How far did Congress represent India? Never had Congress entered mass action with so much of its own press against it. The Bombay Chronicle, Lahore Tribune and Madras Hindu assailed the Congress policy. The great Madras leader Chakravarti Rajagopalachariar ("C.R."), who recently resigned from the Congress, was speaking against its policy publicly, though hissed and booed. Dawn, the organ of the Moslem League, which represents some, but far from all, of India's huge Moslem minority, was crying that Britain's yielding to Congress would result in "the rule of the jungle, anarchy and disorder."

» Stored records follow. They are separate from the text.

(* Let $B$ be a $p\times q$ matrix, $G$ a $q\times q$ symmetric matrix and $G'$ a $p\times p$ symmetric matrix. Let $$A=\begin{bmatrix} G' & B & B\\ B^T & 0 & G\\ B^T & G & 0\end{bmatrix}\quad ((p+2q)\times(p+2q)),\qquad C=\begin{bmatrix} G & B^T & B^T\\ B & 0 & G'\\ B & G' & 0\end{bmatrix}\quad ((2p+q)\times(2p+q)).$$ Then $A\oplus\begin{bmatrix}0 & G'\\ G' & 0\end{bmatrix}\oplus G$ and $C\oplus\begin{bmatrix}0 & G\\ G & 0\end{bmatrix}\oplus G'$ are cospectral.
   Context: For matrices $X,Y$, $X\oplus Y=\begin{bmatrix} X&0\\0&Y\end{bmatrix}$, and $0$ denotes a zero matrix of appropriate size. Two square matrices are cospectral if they have the same eigenvalues with the same multiplicities. *)

From HB Require Import structures.
From mathcomp Require Import all_boot all_order all_algebra.
From mathcomp Require Import reals.
Set Implicit Arguments. Unset Strict Implicit. Unset Printing Implicit Defensive.
Import GRing.Theory Num.Theory.
Local Open Scope ring_scope.

Definition dsum (R : pzRingType) (m n : nat) (X : 'M[R]_m) (Y : 'M[R]_n)
  : 'M[R]_(m + n) := block_mx X 0 0 Y.

(* Used for real symmetric matrices, whose eigenvalues are all real. *)
Definition cospectral (R : realType) (n m : nat) (X : 'M[R]_n) (Y : 'M[R]_m) : Prop :=
  n = m /\ forall x : R, mup x (char_poly X) = mup x (char_poly Y).

(* Conjugating by the block matrix P = [1 1; 1 -1] (with P P = 2) splits
   [[0, H]; [H, 0]] into H (+) -H and splits the two copies of B in A (resp. B^T
   in C) into a single block 2B (resp. 2B^T).  Hence
     char A = char [[G', 2B]; [B^T, G]] * char (-G),
     char C = char [[G, 2B^T]; [B, G']] * char (-G'),
   and the two 2x2 block matrices have the same characteristic polynomial
   (swap the blocks, then move the factor 2 to the other corner by conjugating
   with 1 (+) 2).  Both direct sums therefore have characteristic polynomial
     char [[G', 2B]; [B^T, G]] * char G * char (-G) * char G' * char (-G'). *)
From HB Require Import structures.
From mathcomp Require Import all_boot all_order all_algebra.
From mathcomp Require Import reals.
From mathcomp Require Import ring zify.
Set Implicit Arguments. Unset Strict Implicit. Unset Printing Implicit Defensive.
Import GRing.Theory Num.Theory.
Local Open Scope ring_scope.

Lemma char_poly_block_diag (R : comNzRingType) m n (X : 'M[R]_m) (Y : 'M[R]_n) :
  char_poly (block_mx X 0 0 Y) = char_poly X * char_poly Y.
Proof. by rewrite /char_poly char_block_diag_mx det_ublock. Qed.

Lemma char_poly_castmx (R : comNzRingType) m n (e1 e2 : m = n) (X : 'M[R]_m) :
  char_poly (castmx (e1, e2) X) = char_poly X.
Proof. by case: n / e1 e2 => e2; rewrite castmx_id. Qed.

Section Intertwining.
Variable R : idomainType.

Ltac mx_simpl :=
  rewrite ?(mulmx1, mul1mx, mul0mx, mulmx0, add0r, addr0, mulmxN, mulNmx,
            opprK, subrr, oppr0).

(* [S] need not be invertible, only a divisor of a nonzero scalar matrix, so
   that [P = [1 1; 1 -1]] can be used without inverting 2. *)
Lemma char_poly_intertwined m n (e : m = n) (X : 'M[R]_m) (Y : 'M[R]_n)
    (S : 'M[R]_(m, n)) (T : 'M[R]_(n, m)) (c : R) :
  c != 0 -> S *m T = c%:M -> X *m S = S *m Y -> char_poly X = char_poly Y.
Proof.
case: n / e Y S T => Y S T c_neq0 ST_c XS_SY.
have detS_neq0 : \det S != 0.
  apply/eqP => detS0; move/eqP: c_neq0; apply.
  have := f_equal determinant ST_c.
  rewrite det_mulmx detS0 mul0r det_scalar => /esym/eqP.
  by rewrite expf_eq0 => /andP[_ /eqP].
pose SX := map_mx (@polyC R) S.
have char_mx_intertwined : char_poly_mx X *m SX = SX *m char_poly_mx Y.
  rewrite /char_poly_mx mulmxBl mulmxBr -map_mxM XS_SY map_mxM.
  by rewrite mul_scalar_mx mul_mx_scalar.
have : char_poly X * \det SX = \det SX * char_poly Y.
  by rewrite /char_poly -!det_mulmx char_mx_intertwined.
by rewrite det_map_mx mulrC => /mulfI; apply; rewrite polyC_eq0.
Qed.

Lemma char_poly_block_swap m n (X : 'M[R]_m) Y Z (W : 'M[R]_n) :
  char_poly (block_mx X Y Z W) = char_poly (block_mx W Z Y X).
Proof.
pose J := block_mx 0 1%:M 1%:M 0 : 'M[R]_(m + n, n + m).
pose J' := block_mx 0 1%:M 1%:M 0 : 'M[R]_(n + m, m + n).
apply: (@char_poly_intertwined _ _ (addnC m n) _ _ J J' 1).
- exact: oner_neq0.
- by rewrite mulmx_block; mx_simpl; rewrite -scalar_mx_block.
- by rewrite !mulmx_block; mx_simpl.
Qed.

Let scalar_mx2 n : (1%:M : 'M[R]_n) + 1%:M = 2%:M.
Proof. by rewrite -raddfD. Qed.

Hypothesis two_neq0 : 2 != 0 :> R.

Lemma char_poly_antidiag n (H : 'M[R]_n) :
  char_poly (block_mx 0 H H 0) = char_poly H * char_poly (- H).
Proof.
rewrite -char_poly_block_diag.
pose P := block_mx (1%:M : 'M[R]_n) 1%:M 1%:M (- 1%:M).
apply: (@char_poly_intertwined _ _ (erefl _) _ _ P P 2) => //.
- by rewrite /P mulmx_block; mx_simpl; rewrite scalar_mx2 -scalar_mx_block.
- by rewrite /P !mulmx_block; mx_simpl.
Qed.

Lemma char_poly_block_mulr2n m n (X : 'M[R]_m) (Y : 'M[R]_(m, n)) Z
    (W : 'M[R]_n) :
  char_poly (block_mx X Y (Z *+ 2) W) = char_poly (block_mx X (Y *+ 2) Z W).
Proof.
pose D1 := block_mx 1%:M 0 0 2%:M : 'M[R]_(m + n).
pose D2 := block_mx 2%:M 0 0 1%:M : 'M[R]_(m + n).
apply: (@char_poly_intertwined _ _ (erefl _) _ _ D1 D2 2) => //.
- by rewrite mulmx_block; mx_simpl; rewrite -scalar_mx_block.
- rewrite !mulmx_block; mx_simpl.
  by rewrite !mul_mx_scalar !mul_scalar_mx !scaler_nat.
Qed.

Lemma char_poly_duplicated_block m n (X : 'M[R]_m) (Y : 'M[R]_(m, n))
    (Z : 'M[R]_(n, m)) (H : 'M[R]_n) :
  char_poly (block_mx X (row_mx Y Y) (col_mx Z Z) (block_mx 0 H H 0))
  = char_poly (block_mx X (Y *+ 2) Z H) * char_poly (- H).
Proof.
pose P := block_mx (1%:M : 'M[R]_n) 1%:M 1%:M (- 1%:M).
have -> : char_poly (block_mx X (row_mx Y Y) (col_mx Z Z) (block_mx 0 H H 0))
  = char_poly (block_mx X (row_mx (Y *+ 2) 0) (col_mx Z 0)
                          (block_mx H 0 0 (- H))).
  apply: (@char_poly_intertwined _ _ (erefl _) _ _
            (block_mx 1%:M 0 0 P) (block_mx 2%:M 0 0 P) 2) => //.
  - rewrite mulmx_block; mx_simpl; rewrite /P mulmx_block; mx_simpl.
    by rewrite !scalar_mx2 -!scalar_mx_block.
  - rewrite !mulmx_block; mx_simpl; rewrite /P mul_row_block mul_block_col.
    by mx_simpl; rewrite mulr2n.
rewrite block_mxA char_poly_castmx row_mx0 col_mx0.
exact: char_poly_block_diag.
Qed.

End Intertwining.

Theorem theorem3p8 (R : realType) (p q : nat)
  (B : 'M[R]_(p, q)) (G : 'M[R]_q) (G' : 'M[R]_p)
  (HG : G^T = G) (HG' : G'^T = G') :
  let A : 'M[R]_(p + (q + q)) :=
    block_mx G' (row_mx B B) (col_mx B^T B^T) (block_mx 0 G G 0) in
  let C : 'M[R]_(q + (p + p)) :=
    block_mx G (row_mx B^T B^T) (col_mx B B) (block_mx 0 G' G' 0) in
  cospectral (dsum (dsum A (block_mx 0 G' G' 0)) G)
             (dsum (dsum C (block_mx 0 G G 0)) G').
Proof.
move=> A C; split; first lia.
have two_neq0 : 2 != 0 :> R by rewrite pnatr_eq0.
move=> x; congr mup.
rewrite /dsum /A /C !char_poly_block_diag !char_poly_duplicated_block //.
rewrite !char_poly_antidiag // (char_poly_block_swap G) char_poly_block_mulr2n //.
ring.
Qed.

But Congress, the most powerful political group in India, has roots in the illiterate, hungering Hindu peasantry, in Hindu shopkeepers and middlemen, thousands of English-speaking Hindu intellectuals. The silver-haired Nehru, honestly and brilliantly antiFascist, believed that India would repeat the history of Burma and Malaya unless Indians could be persuaded to take part in its defense, and that they would take part only if they felt themselves free, not slaves. Gandhi, with a great emotional understanding of the small peasants, apparently sensed that at last had come the moment of British embarrassment in which to launch his fifth nonviolence campaign.
Hour of Decision. The Government of India and Congress had matched strength four times previously, but this time the result might be different. Congress insisted that it would not yield an inch. So in private, did the British. Like the antagonists in a great tragedy, the two forces seemed to be moving along appointed grooves to an appointed, unalterable end--disaster.
But not until Aug. 7 would the Congress Working Committee's proposal be submitted to the party's general committee. In the meantime many things might happen, many other counsels might prevail. At week's end one of the Congress papers attempted to suggest an alternative. Said the Delhi Evening National Call: "As we look around we find that there is only one man and one country that can save the United Nations from a fatal catastrophe and the cause they represent--that man is President Roosevelt and that country is the United States."
It was a week of history in India, but it seemed that less than 1% of 1% of India's millions realized its implications. Along the fringes of India blackouts reigned in Calcutta, Bombay and Colombo, but nightclubs plied their trade and hotels were fuller than ever. Chief event of the week was the departure of Prince Henry, Duke of Gloucester. A conscientious soldier, the Duke had made an exhausting 9,000-mile trip from one end of India to the other, holding countless reviews, eating innumerable dinners with princelings, ministers and soldiers. He was called "Sunshine" by newspapermen.
Despite the heat, the Government hung on doggedly at New Delhi as a gesture to the war effort. Air-cooled movies offered U.S. pictures. But none could compare with Jhoola, an Indian epic of love & song running riot in its 21st week to enthusiastic audiences at the Jubilee Theater.
It seemed impossible for both Americans and Britons, fresh out from home and arriving full of vim & vigor, not to fall into the cushioned grooves of normal Delhi society. Americans were happy with a new batch of air mail, including copies of TIME. But they itched and scratched with prickly heat; some of Delhi's victims treated it with table salt, others used antiseptic solutions; all scratched.